Second, Catholic theodicy, rooted in Job, the wisdom literature, and Aquinas's Summa Theologiae (I-II, q. 87), insists that temporal prosperity is not the measure of divine favor. Thomas explicitly teaches that God permits the wicked to prosper in this life both to allow for conversion and to make their final judgment more manifest. The apparent peace of the wicked in verse 4 is therefore, in Aquinas's framework, not evidence of divine indifference but of divine patience.
Third, the patristic tradition saw in verses 9–11 a typological portrait of all who set their will against God — from Pharaoh to Herod to the persecutors of the early Church. St. John Chrysostom read this psalm as a meditation on the martyrs' temptation: to abandon fidelity when the godless seem to win.
Finally, the Second Vatican Council (Gaudium et Spes 19) identifies practical atheism — the lived denial of God's relevance — as one of the gravest spiritual crises of the modern age. The wicked of Psalm 73:11 are its ancient archetype.
A contemporary Catholic reading these verses should resist the temptation to locate the "wicked" only in some distant other. The psalm's power is that Asaph nearly became one of them — he almost succumbed to the logic of verse 11 himself (v. 2–3). The real spiritual danger today is not theoretical atheism but the subtle drift into practical atheism: the professional who cuts ethical corners because the honest colleague is passed over; the Catholic who quietly abandons Sunday Mass because the "successful" people around them clearly don't bother; the young person who concludes that integrity is economically irrational. Psalm 73's verses 4–11 are an invitation to name this temptation clearly, before it metastasizes. The Examen prayer of St. Ignatius of Loyola is one concrete Catholic tool for exactly this: daily, honest examination of where we have begun to reason like the scoffers of verse 11 — measuring God's activity by what is immediately visible and profitable.
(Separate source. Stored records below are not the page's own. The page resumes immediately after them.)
(* Let $(P,\lambda)$ be a marked poset which is strict and irredundant. If all inequalities describing the marked chain polytope $\mathcal{C}(P,\lambda)$ (in an irredundant description) are of the form $x_i\ge 0$ for $i\in P\setminus P^*$ or $\sum_{i\in I}x_i\le 1$ for subsets $I\subseteq P\setminus P^*$, then $\mathcal{C}(P,\lambda)$ is the chain polytope of some poset on the set $P\setminus P^*$.
   Context: A marked poset $(P,\lambda)$ is a finite poset $(P,\preceq)$ together with an induced subposet $P^*\subseteq P$ of marked elements and an order-preserving marking $\lambda:P^*\to\mathbb{R}$; it is always assumed that all minimal and all maximal elements of $P$ lie in $P^*$. It is strict if $\lambda(a)<\lambda(b)$ whenever $a\prec b$ in $P^*$, and irredundant (regular) if for every covering relation $p\prec q$ in $P$ and all $a,b\in P^*$ with $a\preceq q$ and $p\preceq b$, one has $a=b$ or $\lambda(a)<\lambda(b)$. The marked chain polytope $\mathcal{C}(P,\lambda)$ is the set of all $x\in\mathbb{R}_{\ge0}^{P\setminus P^*}$ with $x_{p_1}+\dots+x_{p_k}\le\lambda(b)-\lambda(a)$ for every maximal chain $a\prec p_1\prec\cdots\prec p_k\prec b$ in $P$ with $a,b\in P^*$ and $p_1,\dots,p_k\in P\setminus P^*$. The chain polytope of a finite poset $Q$ is the set of $x\in\mathbb{R}^Q$ with $x_c\ge0$ for all $c$ and $x_{c_1}+\dots+x_{c_k}\le 1$ for every chain $c_1\prec\cdots\prec c_k$ in $Q$. *)

From HB Require Import structures.
From mathcomp Require Import all_boot all_order all_algebra.
Set Implicit Arguments. Unset Strict Implicit. Unset Printing Implicit Defensive.
Import Order.TTheory GRing.Theory Num.Theory.
Local Open Scope ring_scope.

(* Marked posets: the underlying finite poset is a finPOrderType P; the
   marked elements form a set Pstar : {set P}; the marking is a function
   lam : P -> R of which only the values on Pstar are relevant. *)

Definition unmarked (d : Order.disp_t) (P : finPOrderType d) (Pstar : {set P}) :=
  {p : P | p \notin Pstar}.

Definition covers (d : Order.disp_t) (P : finPOrderType d) (p q : P) : bool :=
  ((p < q) && [forall r : P, ~~ ((p < r) && (r < q))])%O.

Definition marked_poset (R : realFieldType) (d : Order.disp_t) (P : finPOrderType d)
    (Pstar : {set P}) (lam : P -> R) : Prop :=
  [/\ forall a b : P, a \in Pstar -> b \in Pstar -> (a <= b)%O -> lam a <= lam b,
      forall p : P, (forall q : P, (q <= p)%O -> q = p) -> p \in Pstar
    & forall p : P, (forall q : P, (p <= q)%O -> q = p) -> p \in Pstar].

Definition strict_marked (R : realFieldType) (d : Order.disp_t) (P : finPOrderType d)
    (Pstar : {set P}) (lam : P -> R) : Prop :=
  forall a b : P, a \in Pstar -> b \in Pstar -> (a < b)%O -> lam a < lam b.

(* irredundant (regular) marked poset *)
Definition regular_marked (R : realFieldType) (d : Order.disp_t) (P : finPOrderType d)
    (Pstar : {set P}) (lam : P -> R) : Prop :=
  forall p q : P, covers p q ->
  forall a b : P, a \in Pstar -> b \in Pstar -> (a <= q)%O -> (p <= b)%O ->
    a = b \/ lam a < lam b.

Definition marked_chain_polytope (R : realFieldType) (d : Order.disp_t)
    (P : finPOrderType d) (Pstar : {set P}) (lam : P -> R)
    (x : unmarked Pstar -> R) : Prop :=
  (forall p, 0 <= x p) /\
  forall (a b : P) (ps : seq (unmarked Pstar)),
    a \in Pstar -> b \in Pstar ->
    path (@covers d P) a (rcons (map val ps) b) ->
    \sum_(p <- ps) x p <= lam b - lam a.

Inductive ineq (Q : finType) :=
  | Ineq_nonneg of Q
  | Ineq_sumle of {set Q}.

Definition sat_ineq (R : realFieldType) (Q : finType) (x : Q -> R) (h : ineq Q) : Prop :=
  match h with
  | Ineq_nonneg i => 0 <= x i
  | Ineq_sumle J => \sum_(i in J) x i <= 1
  end.

Definition irredundant_description (R : realFieldType) (Q : finType)
    (C : (Q -> R) -> Prop) (m : nat) (D : 'I_m -> ineq Q) : Prop :=
  (forall x, C x <-> forall k, sat_ineq x (D k)) /\
  (forall j : 'I_m, exists x : Q -> R,
      (forall k, k != j -> sat_ineq x (D k)) /\ ~ sat_ineq x (D j)).

Definition is_porder (Q : finType) (r : rel Q) : Prop :=
  [/\ reflexive r, antisymmetric r & transitive r].

Definition is_chain (Q : finType) (r : rel Q) (S : {set Q}) : Prop :=
  {in S &, forall a b, r a b \/ r b a}.

Definition chain_polytope (R : realFieldType) (Q : finType) (r : rel Q) (x : Q -> R) : Prop :=
  (forall c, 0 <= x c) /\
  forall S : {set Q}, is_chain r S -> \sum_(c in S) x c <= 1.

Arguments marked_chain_polytope {R d P} Pstar lam x.

From mathcomp Require Import all_boot all_order all_algebra.
From mathcomp Require Import lra.
Import Order.TTheory GRing.Theory Num.Theory.
Local Open Scope ring_scope.
Set Implicit Arguments. Unset Strict Implicit.

(* Order the unmarked elements by the reflexive-transitive closure of the
   covering relation among them.  Its chains are exactly the sets of unmarked
   elements lying on one maximal chain a <. p_1 <. ... <. p_k <. b of P with
   a, b marked, so it suffices to show lam b - lam a = 1 for every such chain.
   Strictness and regularity give heights lam a = g_0 <= ... <= g_k = lam b,
   g_i lying between the largest mark below p_(i+1) and the smallest mark above
   p_i, with room to spare when 0 < i < k.  The increments x_(p_i) = g_i - g_(i-1)
   form a point of C(P, lam) on which the chain inequality is tight.  Scaling x
   up leaves C(P, lam), so some inequality sum_(i in J) x_i <= 1 of the
   description is tight at x as well; moving height from some p outside J to
   some q in J would violate it, so J contains the support of x and
   lam b - lam a = sum_i x_(p_i) = sum_(i in J) x_i = 1. *)

Section Covers.
Variables (d : Order.disp_t) (P : finPOrderType d).
Implicit Types p q r : P.

Lemma covers_lt p q : covers p q -> (p < q)%O.
Proof. by case/andP. Qed.

Lemma covers_between p q r : covers p q -> (p <= r)%O -> (r <= q)%O ->
  r = p \/ r = q.
Proof.
case/andP=> _ /forallP noMid; rewrite le_eqVlt => /predU1P[<-|pr]; first by left.
rewrite le_eqVlt => /predU1P[->|rq]; first by right.
by have := noMid r; rewrite pr rq.
Qed.

Lemma covers_path_lt p s : path (@covers d P) p s -> path <%O p s.
Proof. by apply: sub_path => ? ? /covers_lt. Qed.

Lemma proper_below p q : (p < q)%O -> [set z | (z < p)%O] \proper [set z | (z < q)%O].
Proof.
move=> pq; apply/properP; split; last by exists p; rewrite !inE ?pq ?ltxx.
by apply/subsetP => z; rewrite !inE => /lt_trans; apply.
Qed.

Lemma proper_above p q : (p < q)%O -> [set z | (q < z)%O] \proper [set z | (p < z)%O].
Proof.
move=> pq; apply/properP; split; last by exists q; rewrite !inE ?pq ?ltxx.
by apply/subsetP => z; rewrite !inE; apply: lt_trans.
Qed.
Verse 9 — "They have set their mouth in the heavens" This is the theological climax of the catalogue. Their mouths reach to heaven — claiming a domain that belongs only to God — while their tongues strut through the earth. The image is that of a figure who has declared themselves a rival to the divine. The Fathers saw in this verse a prophetic portrait of all human hubris, from Babel (Gen 11) to the Antichrist. Their speech is not merely arrogant; it is deicidal in aspiration — they seek to occupy the space of God.
Verse 10–11 — "Therefore their people return to them… 'How does God know?'" The conclusion to the observable portrait: the wicked attract followers. Their apparent impunity becomes socially contagious. "How does God know? Is there knowledge in the Most High?" — this is not the theoretical atheism of the philosopher but the practical atheism of the comfortable: a functionally godless life dressed in the rhetoric of divine ignorance. The Catechism calls this "practical atheism" — living as if God did not exist, not necessarily denying Him in the abstract (CCC 2125–2126). The scoffers of verse 8 have become the theologians of verse 11, and they are recruiting.